Alexandra Stamatopoulou

Personal information
- Nationality: Greek
- Born: 7 September 1986 (age 39) Romania

Sport
- Sport: Paralympic swimming
- Disability class: S4
- Club: Tyrtaios
- Coached by: Michalis Nikopoulos

Medal record
Women's para swimming
Representing Greece
Paralympic Games
| Gold medal – first place | 2024 Paris | 50 m backstroke S4 |
| Bronze medal – third place | 2020 Tokyo | 50m backstroke S4 |
World Championships
| Gold medal – first place | 2022 Madeira | 50m backstroke S4 |
| Silver medal – second place | 2017 Mexico City | 50m freestyle S3 |
| Silver medal – second place | 2019 London | 50m backstroke S4 |
| Bronze medal – third place | 2017 Mexico City | 100m freestyle S3 |
| Bronze medal – third place | 2017 Mexico City | 50m backstroke S3 |
European Championships
| Gold medal – first place | 2018 Dublin | 50m backstroke S4 |
| Silver medal – second place | 2024 Funchal | 50m backstroke S4 |
| Bronze medal – third place | 2016 Funchal | 50m freestyle S3 |

= Alexandra Stamatopoulou =

Greek Paralympic swimmer (born 1986)

Alexandra Stamatopoulou (born 7 September 1986) is a Greek Paralympic swimmer.

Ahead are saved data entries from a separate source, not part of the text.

(* Let $n=p_1^{\alpha_1}p_2^{\alpha_2}\cdots p_r^{\alpha_r}$, where $r\geq 2$, $\alpha_1,\ldots,\alpha_r$ are positive integers and $p_1<p_2<\cdots<p_r$ are primes. Suppose that at least one of the following holds: (i) $p_1\geq r+1$ and $p_r>r\,p_{r-1}$; (ii) $p_{i+1}>r\,p_i$ for each $i\in\{1,2,\ldots,r-1\}$. Then $\delta(\mathcal{P}(C_n))=\deg(p_r^{\alpha_r})$.
   Context: For a finite group $G$, the power graph $\mathcal{P}(G)$ is the simple undirected graph with vertex set $G$ in which two distinct vertices are adjacent if one is an integral power of the other. $C_n$ denotes the cyclic group of order $n$, identified with $\mathbb{Z}_n=\{0,1,\ldots,n-1\}$, so a positive divisor $d<n$ of $n$ is regarded as the element $d\in\mathbb{Z}_n$. $\deg(a)$ is the degree of vertex $a$ in $\mathcal{P}(C_n)$ and $\delta$ denotes minimum degree. *)

From mathcomp Require Import all_boot.
Set Implicit Arguments. Unset Strict Implicit. Unset Printing Implicit Defensive.

(* C_n is identified with Z_n = {0,...,n-1} (additive), so the integral
   powers of a are the multiples k*a mod n; it suffices to take k in 'I_n. *)
Definition is_power (n a b : nat) : bool := [exists k : 'I_n, (k * a) %% n == b].

Definition pg_adj (n a b : nat) : bool :=
  (a != b) && (is_power n a b || is_power n b a).

Definition pg_deg (n a : nat) : nat := #|[set b : 'I_n | pg_adj n a b]|.

(* minimum degree of P(C_n); all degrees are < n, so n is a neutral default
   (for n >= 1) *)
Definition pg_min_deg (n : nat) : nat := \big[minn/n]_(a < n) pg_deg n a.

From mathcomp Require Import all_boot zify.
Set Implicit Arguments. Unset Strict Implicit. Unset Printing Implicit Defensive.

(* In P(C_n) two elements are adjacent iff the subgroups they generate are
   nested, i.e. iff gcd(a, n) and gcd(b, n) are comparable for divisibility;
   so deg(a) + 1 counts the b < n whose gcd with n is comparable with
   gcd(a, n).  Write n = m q with q = p_r^alpha_r.  If gcd(a, n) is a power of
   p_r, every neighbour of q is a neighbour of a.  Otherwise some prime s | m
   divides gcd(a, n), and a is adjacent to the phi(n) generators and the
   phi(n/s) elements of order n/s; on the other side a neighbour of q is a
   multiple of q or coprime to m, whence deg(q) + 1 <= m + q phi(m) - phi(m).
   The estimates m <= r phi(m) (from p_i > i) and r s < p_r close the gap.
   Only r p_(r-1) < p_r is used, and it follows from either hypothesis. *)

Lemma card_set_ord_count n (P : pred nat) :
  #|[set b : 'I_n | P b]| = count P (iota 0 n).
Proof. by rewrite cardsE cardE /enum_mem size_filter -val_enum_ord count_map enumT. Qed.

Lemma count_iota_inj k n (Q P : pred nat) (f : nat -> nat) : injective f ->
  (forall c, c < k -> Q c -> (f c < n) && P (f c)) ->
  count Q (iota 0 k) <= count P (iota 0 n).
Proof.
move=> f_inj fQP; rewrite -!size_filter -(size_map f).
apply: uniq_leq_size; first by rewrite map_inj_uniq ?filter_uniq ?iota_uniq.
move=> y /mapP[c]; rewrite mem_filter mem_iota add0n => /andP[Qc ck] ->.
by case/andP: (fQP c ck Qc) => fcn Pfc; rewrite mem_filter mem_iota Pfc fcn.
Qed.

She represented Greece at the Paralympic Games.

==Personal life==
Stamatopoulou was born in Romania, in a very poor family, who had to send her to an institution. She lived there until she became five years old, when she was adopted and relocated to Greece. Her childhood idol was Nadia Comăneci. She has been diagnosed with the stiff-person syndrome.

==Career==
Stamatopoulou represented Greece at the 2016 Summer Paralympics and at the 2020 Summer Paralympics. In Tokyo she won the bronze medal in the 50 metre backstroke S4 event. At the 2024 Summer Paralympics, in Paris, France, Stamatopoulou won the gold medal in the women’s 50m backstroke S4 category. She had announced her retirement from competition at the end of the games.

She was awarded as the Best Greek female athlete with a disability for 2018, 2019, 2021 and 2022.